(* Let $\triangle ABC$ be an obtuse triangle circumscribed about an ellipse with semi-axes $a>b>0$ whose center coincides with the circumcenter of $\triangle ABC$. Then the radius of the polar circle of $\triangle ABC$ equals $\sqrt{2ab}$. Equivalently, the area of the polar circle is twice the area of the ellipse.
   Context: A triangle is circumscribed about a conic if each of its three sidelines is tangent to the conic. For an obtuse triangle $ABC$ with orthocenter $H$, let $H_A$ be the foot of the perpendicular from $A$ to line $BC$. The polar circle of $\triangle ABC$ is the circle with center $H$ and radius $r_p$ with $r_p^2=|AH|\,|HH_A|$. This value does not depend on the chosen vertex. *)

From HB Require Import structures.
From mathcomp Require Import all_boot all_order all_algebra.
Set Implicit Arguments. Unset Strict Implicit. Unset Printing Implicit Defensive.
Import Order.TTheory GRing.Theory Num.Theory.
Local Open Scope ring_scope.

Section Plane.
Variable R : rcfType.

Definition point := (R * R)%type.

Definition dot (u v : point) : R := u.1 * v.1 + u.2 * v.2.
Definition vsub (P Q : point) : point := (P.1 - Q.1, P.2 - Q.2).
Definition dist (P Q : point) : R := Num.sqrt (dot (vsub P Q) (vsub P Q)).

Definition on_line (P Q X : point) : Prop :=
  exists t : R, X = (P.1 + t * (Q.1 - P.1), P.2 + t * (Q.2 - P.2)).

Definition collinear (A B C : point) : Prop :=
  (B.1 - A.1) * (C.2 - A.2) - (B.2 - A.2) * (C.1 - A.1) = 0.

Definition obtuse (A B C : point) : Prop :=
  dot (vsub B A) (vsub C A) < 0 \/ dot (vsub A B) (vsub C B) < 0 \/
  dot (vsub A C) (vsub B C) < 0.

(* Ellipse with center O, unit major-axis direction u, semi-axes a, b *)
Definition on_ellipse (O u : point) (a b : R) (X : point) : Prop :=
  let d := vsub X O in
  (dot d u) ^+ 2 / a ^+ 2 + (u.1 * d.2 - u.2 * d.1) ^+ 2 / b ^+ 2 = 1.

Definition tangent_line (P Q O u : point) (a b : R) : Prop :=
  exists! X : point, on_line P Q X /\ on_ellipse O u a b X.

Definition circumscribed_about (A B C O u : point) (a b : R) : Prop :=
  tangent_line A B O u a b /\ tangent_line B C O u a b /\ tangent_line C A O u a b.

Definition is_circumcenter (A B C O : point) : Prop :=
  dist O A = dist O B /\ dist O B = dist O C.

Definition is_orthocenter (A B C H : point) : Prop :=
  dot (vsub H A) (vsub C B) = 0 /\ dot (vsub H B) (vsub C A) = 0 /\
  dot (vsub H C) (vsub B A) = 0.

Definition is_foot (A B C HA : point) : Prop :=
  on_line B C HA /\ dot (vsub A HA) (vsub C B) = 0.

(* Radius of the polar circle: r_p^2 = |AH| |H H_A| *)
Definition polar_radius (A H HA : point) : R :=
  Num.sqrt (dist A H * dist H HA).

End Plane.

(* Put the origin at the centre O and the axes along the ellipse.  A chord PQ of the
   circle |X|^2 = r touches the ellipse iff P and Q are conjugate with respect to the
   conic (a^2-b^2-r) x^2 - (a^2-b^2+r) y^2 = r (r-a^2-b^2).  Three pairwise conjugate
   points of the circle exist only if r = (a+b)^2 or r = (a-b)^2 (Poncelet's closure
   condition), and then half the power of the orthocenter A + B + C with respect to the
   circumcircle equals -2ab or 2ab.  Since AH and HH_A are both perpendicular to BC,
   |AH| |HH_A| = |(A - H).(H - H_A)|, which is exactly the absolute value of that
   half-power. *)

From mathcomp Require Import all_boot all_order all_algebra.
From mathcomp Require Import ring lra.
Import Order.TTheory GRing.Theory Num.Theory.
Set Implicit Arguments. Unset Strict Implicit. Unset Printing Implicit Defensive.
Local Open Scope ring_scope.

Lemma unique_root_discr (F : fieldType) (al be ga t : F) : al != 0 ->
  (forall s, al * s ^+ 2 + be * s + ga = 0 -> s = t) ->
  al * t ^+ 2 + be * t + ga = 0 -> be ^+ 2 = 4 * al * ga.
Proof.
move=> al_neq0 root_uniq root_t.
have other_root : al * (- (be / al) - t) ^+ 2 + be * (- (be / al) - t) + ga = 0.
  by rewrite -root_t; field.
have be_t : be = - (2 * al * t).
  transitivity (- al * ((- (be / al) - t) + t)); first by field.
  by rewrite (root_uniq _ other_root); ring.
have ga_t : ga = al * t ^+ 2.
  transitivity ((al * t ^+ 2 + be * t + ga) - al * t ^+ 2 - be * t); first by ring.
  by rewrite root_t be_t; ring.
by rewrite be_t ga_t; ring.
Qed.

Section PlaneVectors.
Variable R : rcfType.
Implicit Types (n v w z P Q S X Y : point R).

Definition cross v w : R := v.1 * w.2 - v.2 * w.1.

Definition lerp P Q (t : R) : point R := (P.1 + t * (Q.1 - P.1), P.2 + t * (Q.2 - P.2)).

Lemma dot_self_ge0 v : 0 <= dot v v.
Proof. by rewrite /dot -!expr2 addr_ge0 ?sqr_ge0. Qed.

Lemma dot_self_eq0 v : (dot v v == 0) = (v == (0, 0)).
Proof.
by case: v => x y; rewrite /dot /= -!expr2 paddr_eq0 ?sqr_ge0 // !sqrf_eq0 xpair_eqE.
Qed.

Lemma dot_vsub_neq0 P Q : P != Q -> dot (vsub P Q) (vsub P Q) != 0.
Proof.
by case: P Q => x y [x' y']; rewrite dot_self_eq0 /vsub !xpair_eqE !subr_eq0.
Qed.

Lemma dist_eq_dot P Q S :
  dist P Q = dist P S -> dot (vsub Q P) (vsub Q P) = dot (vsub S P) (vsub S P).
Proof.
have flip X : dot (vsub P X) (vsub P X) = dot (vsub X P) (vsub X P).
  by rewrite /dot /vsub /=; ring.
by rewrite /dist -!flip => /eqP; rewrite eqr_sqrt ?dot_self_ge0 // => /eqP.
Qed.

Lemma lagrange_identity v w : dot v v * dot w w = dot v w ^+ 2 + cross v w ^+ 2.
Proof. by rewrite /dot /cross; ring. Qed.

Lemma cross_perp z v w : dot z z != 0 -> dot v z = 0 -> dot w z = 0 -> cross v w = 0.
Proof.
move=> z_neq0 vz wz; apply: (mulfI z_neq0); rewrite mulr0.
transitivity (z.1 * (w.2 * dot v z - v.2 * dot w z) + z.2 * (v.1 * dot w z - w.1 * dot v z)).
  by rewrite /dot /cross; ring.
by rewrite vz wz; ring.
Qed.

Lemma noncollinear_neq P Q S : ~ collinear P Q S -> [/\ P != Q, Q != S & S != P].
Proof. by move=> ncol; split; apply/eqP => e; apply: ncol; rewrite /collinear e; ring. Qed.

Lemma collinear_on_line n P Q S c : dot n n != 0 ->
  dot n P = c -> dot n Q = c -> dot n S = c -> collinear P Q S.
Proof.
move=> n_neq0 nP nQ nS; change (cross (vsub Q P) (vsub S P) = 0).
apply: (cross_perp n_neq0).
  by transitivity (dot n Q - dot n P); [rewrite /dot /vsub /=; ring | rewrite nP nQ subrr].
by transitivity (dot n S - dot n P); [rewrite /dot /vsub /=; ring | rewrite nP nS subrr].
Qed.

Lemma lerp_inj P Q : P != Q -> injective (lerp P Q).
Proof.
move=> PQ s t est; apply/eqP; rewrite -subr_eq0 -sqrf_eq0.
have : (s - t) ^+ 2 * dot (vsub Q P) (vsub Q P) =
       dot (vsub (lerp P Q s) (lerp P Q t)) (vsub (lerp P Q s) (lerp P Q t)).
  by rewrite /dot /vsub /lerp /=; ring.
rewrite est /dot /vsub /= !subrr mulr0 addr0 => /eqP.
by rewrite mulf_eq0 (negbTE (dot_vsub_neq0 _)) ?orbF // eq_sym.
Qed.

Lemma chord_on_line n X Y (r c : R) : dot n n != 0 -> X != Y ->
  dot X X = r -> dot Y Y = r -> dot n X = c -> dot n Y = c ->
  [/\ dot n n * (X.1 + Y.1) = 2 * c * n.1, dot n n * (X.2 + Y.2) = 2 * c * n.2,
      dot n n * dot X Y = 2 * c ^+ 2 - r * dot n n,
      dot n n ^+ 2 * (X.1 * Y.1) = c ^+ 2 * n.1 ^+ 2 - n.2 ^+ 2 * (r * dot n n - c ^+ 2) &
      dot n n ^+ 2 * (X.2 * Y.2) = c ^+ 2 * n.2 ^+ 2 - n.1 ^+ 2 * (r * dot n n - c ^+ 2)].
Proof.
move=> n_neq0 XY XX YY nX nY.
have decomp v : dot n n * v.1 = dot n v * n.1 - cross n v * n.2 /\
                dot n n * v.2 = dot n v * n.2 + cross n v * n.1.
  by split; rewrite /dot /cross; ring.
have cross_sq v : dot v v = r -> dot n v = c -> cross n v ^+ 2 = r * dot n n - c ^+ 2.
  move=> vv nv; transitivity (dot n n * dot v v - dot n v ^+ 2).
    by rewrite lagrange_identity; ring.
  by rewrite vv nv mulrC.
have [dX1 dX2] := decomp X; have [dY1 dY2] := decomp Y.
have crossY : cross n Y = - cross n X.
  have /eqP : (cross n Y - cross n X) * (cross n Y + cross n X) = 0.
    by rewrite -subr_sqr !cross_sq // subrr.
  rewrite mulf_eq0 subr_eq0 addr_eq0 => /orP[/eqP eXY|/eqP //].
  have eX1 : X.1 = Y.1 by apply: (mulfI n_neq0); rewrite dX1 dY1 nX nY eXY.
  have eX2 : X.2 = Y.2 by apply: (mulfI n_neq0); rewrite dX2 dY2 nX nY eXY.
  by case/eqP: XY; rewrite (surjective_pairing X) eX1 eX2 -surjective_pairing.
split.
- by rewrite mulrDr dX1 dY1 nX nY crossY; ring.
- by rewrite mulrDr dX2 dY2 nX nY crossY; ring.
- apply: (mulfI n_neq0).
  transitivity ((dot n n * X.1) * (dot n n * Y.1) + (dot n n * X.2) * (dot n n * Y.2)).
    by rewrite /dot; ring.
  rewrite dX1 dX2 dY1 dY2 nX nY crossY.
  transitivity (c ^+ 2 * dot n n - cross n X ^+ 2 * dot n n); first by rewrite /dot; ring.
  by rewrite cross_sq //; ring.
- transitivity ((dot n n * X.1) * (dot n n * Y.1)); first by ring.
  rewrite dX1 dY1 nX nY crossY.
  transitivity (c ^+ 2 * n.1 ^+ 2 - n.2 ^+ 2 * cross n X ^+ 2); first by ring.
  by rewrite cross_sq.
- transitivity ((dot n n * X.2) * (dot n n * Y.2)); first by ring.
  rewrite dX2 dY2 nX nY crossY.
  transitivity (c ^+ 2 * n.2 ^+ 2 - n.1 ^+ 2 * cross n X ^+ 2); first by ring.
  by rewrite cross_sq.
Qed.

End PlaneVectors.

Section Frame.
Variables (R : rcfType) (O u : point R).
Implicit Types (P Q X : point R).

Definition frame X : point R :=
  (dot (vsub X O) u, u.1 * (vsub X O).2 - u.2 * (vsub X O).1).

Lemma frame_lerp P Q t : frame (lerp P Q t) = lerp (frame P) (frame Q) t.
Proof. by rewrite /frame /lerp /dot /vsub /=; congr (_, _); ring. Qed.

Hypothesis u_unit : dot u u = 1.

Lemma dot_frame P Q : dot (frame P) (frame Q) = dot (vsub P O) (vsub Q O).
Proof.
transitivity (dot (vsub P O) (vsub Q O) * dot u u); last by rewrite u_unit mulr1.
by rewrite /frame /dot /vsub /=; ring.
Qed.

Lemma collinear_frame P Q X : collinear (frame P) (frame Q) (frame X) <-> collinear P Q X.
Proof.
change (cross (vsub (frame Q) (frame P)) (vsub (frame X) (frame P)) = 0 <->
        cross (vsub Q P) (vsub X P) = 0).
have -> : cross (vsub (frame Q) (frame P)) (vsub (frame X) (frame P)) =
          cross (vsub Q P) (vsub X P) * dot u u.
  by rewrite /frame /cross /dot /vsub /=; ring.
by rewrite u_unit mulr1.
Qed.

End Frame.

Section EllipseTangents.
Variables (R : rcfType) (a b : R).
Hypotheses (a_neq0 : a != 0) (b_neq0 : b != 0).
Implicit Types (P Q X : point R).

Definition on_std_ellipse X : Prop := X.1 ^+ 2 / a ^+ 2 + X.2 ^+ 2 / b ^+ 2 = 1.

(* The line l x + m y = k through P and Q has l = Q.2 - P.2, m = P.1 - Q.1 and
   k = cross P Q; it touches x^2/a^2 + y^2/b^2 = 1 iff a^2 l^2 + b^2 m^2 = k^2. *)
Definition chord_tangent P Q : Prop :=
  a ^+ 2 * (Q.2 - P.2) ^+ 2 + b ^+ 2 * (Q.1 - P.1) ^+ 2 = cross P Q ^+ 2.

Lemma on_ellipse_frame O u X : on_ellipse O u a b X = on_std_ellipse (frame O u X).
Proof. by []. Qed.

Lemma std_tangent_chord P Q :
  (exists! t, on_std_ellipse (lerp P Q t)) -> chord_tangent P Q.
Proof.
move=> [t [on_t t_uniq]].
have PQ : P != Q.
  apply/eqP => ePQ; subst Q.
  have lerpPP s : lerp P P s = P by rewrite /lerp !subrr !mulr0 !addr0 -surjective_pairing.
  have on_t1 : on_std_ellipse (lerp P P (t + 1)) by rewrite lerpPP -(lerpPP t).
  by have := t_uniq _ on_t1; lra.
set dx := Q.1 - P.1; set dy := Q.2 - P.2.
set al := (dx / a) ^+ 2 + (dy / b) ^+ 2.
set be := 2 * (P.1 * dx / a ^+ 2 + P.2 * dy / b ^+ 2).
set ga := P.1 ^+ 2 / a ^+ 2 + P.2 ^+ 2 / b ^+ 2 - 1.
have on_stdE s : on_std_ellipse (lerp P Q s) <-> al * s ^+ 2 + be * s + ga = 0.
  have -> : al * s ^+ 2 + be * s + ga =
            (lerp P Q s).1 ^+ 2 / a ^+ 2 + (lerp P Q s).2 ^+ 2 / b ^+ 2 - 1.
    by rewrite /lerp /al /be /ga /dx /dy /=; field; rewrite a_neq0 b_neq0.
  by rewrite /on_std_ellipse; split=> [->|/subr0_eq //]; rewrite subrr.
have al_neq0 : al != 0.
  have : (dx, dy) != (0, 0) by rewrite -dot_self_eq0; apply: dot_vsub_neq0; rewrite eq_sym.
  apply: contraNneq => al0.
  have : (dx / a, dy / b) == (0, 0) by rewrite -dot_self_eq0 /dot -!expr2 -/al al0.
  by rewrite !xpair_eqE !mulf_eq0 !invr_eq0 (negbTE a_neq0) (negbTE b_neq0) !orbF.
have root_uniq s : al * s ^+ 2 + be * s + ga = 0 -> s = t by move/on_stdE/t_uniq ->.
have discr := unique_root_discr al_neq0 root_uniq ((on_stdE t).1 on_t).
have ab2_neq0 : a ^+ 2 * b ^+ 2 != 0 by rewrite mulf_neq0 ?expf_neq0.
apply/eqP; rewrite -subr_eq0; apply/eqP; apply: (mulfI ab2_neq0).
transitivity (a ^+ 4 * b ^+ 4 / 4 * (be ^+ 2 - 4 * al * ga)).
  by rewrite /al /be /ga /cross /dx /dy; field; rewrite b_neq0 a_neq0.
by rewrite discr subrr !mulr0.
Qed.

Lemma tangent_line_chord O u P Q : P != Q -> tangent_line P Q O u a b ->
  chord_tangent (frame O u P) (frame O u Q).
Proof.
move=> PQ [X [[[t ->] onX] X_uniq]]; apply: std_tangent_chord.
exists t; split; first by rewrite -frame_lerp.
move=> s on_s; apply: (lerp_inj PQ); apply: X_uniq; split; first by exists s.
by rewrite on_ellipse_frame frame_lerp.
Qed.

End EllipseTangents.

Section Conjugacy.
Variables (R : rcfType) (a b r : R).
Implicit Types (P Q : point R).

(* P and Q are conjugate for the conic (a^2-b^2-r) x^2 - (a^2-b^2+r) y^2 = r (r-a^2-b^2);
   [polar P] is the normal of the polar line of P. *)
Definition polar P : point R := ((a ^+ 2 - b ^+ 2 - r) * P.1, - ((a ^+ 2 - b ^+ 2 + r) * P.2)).

Definition conjugate P Q : Prop := dot (polar P) Q = r * (r - a ^+ 2 - b ^+ 2).

Lemma dot_polarC P Q : dot (polar P) Q = dot (polar Q) P.
Proof. by rewrite /dot /polar /=; ring. Qed.

Lemma chord_tangent_conjugate P Q : dot P P = r -> dot Q Q = r -> P != Q ->
  chord_tangent a b P Q -> conjugate P Q.
Proof.
move=> PP QQ PQ tPQ.
have r_PQ : r - dot P Q != 0.
  have e : dot (vsub P Q) (vsub P Q) = 2 * (r - dot P Q).
    transitivity (dot P P + dot Q Q - 2 * dot P Q); first by rewrite /dot /vsub /=; ring.
    by rewrite PP QQ; ring.
  by have := dot_vsub_neq0 PQ; rewrite e mulf_eq0 negb_or => /andP[].
apply/eqP; rewrite -subr_eq0; apply/eqP; apply: (mulfI r_PQ); rewrite mulr0.
transitivity (r * (a ^+ 2 * (Q.2 - P.2) ^+ 2 + b ^+ 2 * (Q.1 - P.1) ^+ 2 - cross P Q ^+ 2)
              - (a ^+ 2 * P.1 ^+ 2 + b ^+ 2 * P.2 ^+ 2 - r ^+ 2) * (dot Q Q - r)).
  by rewrite /polar -PP /dot /cross /=; ring.
by rewrite tPQ QQ !subrr mulr0 !mulr0 subrr.
Qed.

==*==

_WORK REQUIRED_. An exact copy of the lines above between the line holding "transitivity (c ^+ 2 * n.2" and the line holding "Definition frame X", inclusive, is the whole answer.

_SOLUTION TO THIS PROBLEM_.
  transitivity (c ^+ 2 * n.2 ^+ 2 - n.1 ^+ 2 * cross n X ^+ 2); first by ring.
  by rewrite cross_sq.
Qed.

End PlaneVectors.

Section Frame.
Variables (R : rcfType) (O u : point R).
Implicit Types (P Q X : point R).

Definition frame X : point R :=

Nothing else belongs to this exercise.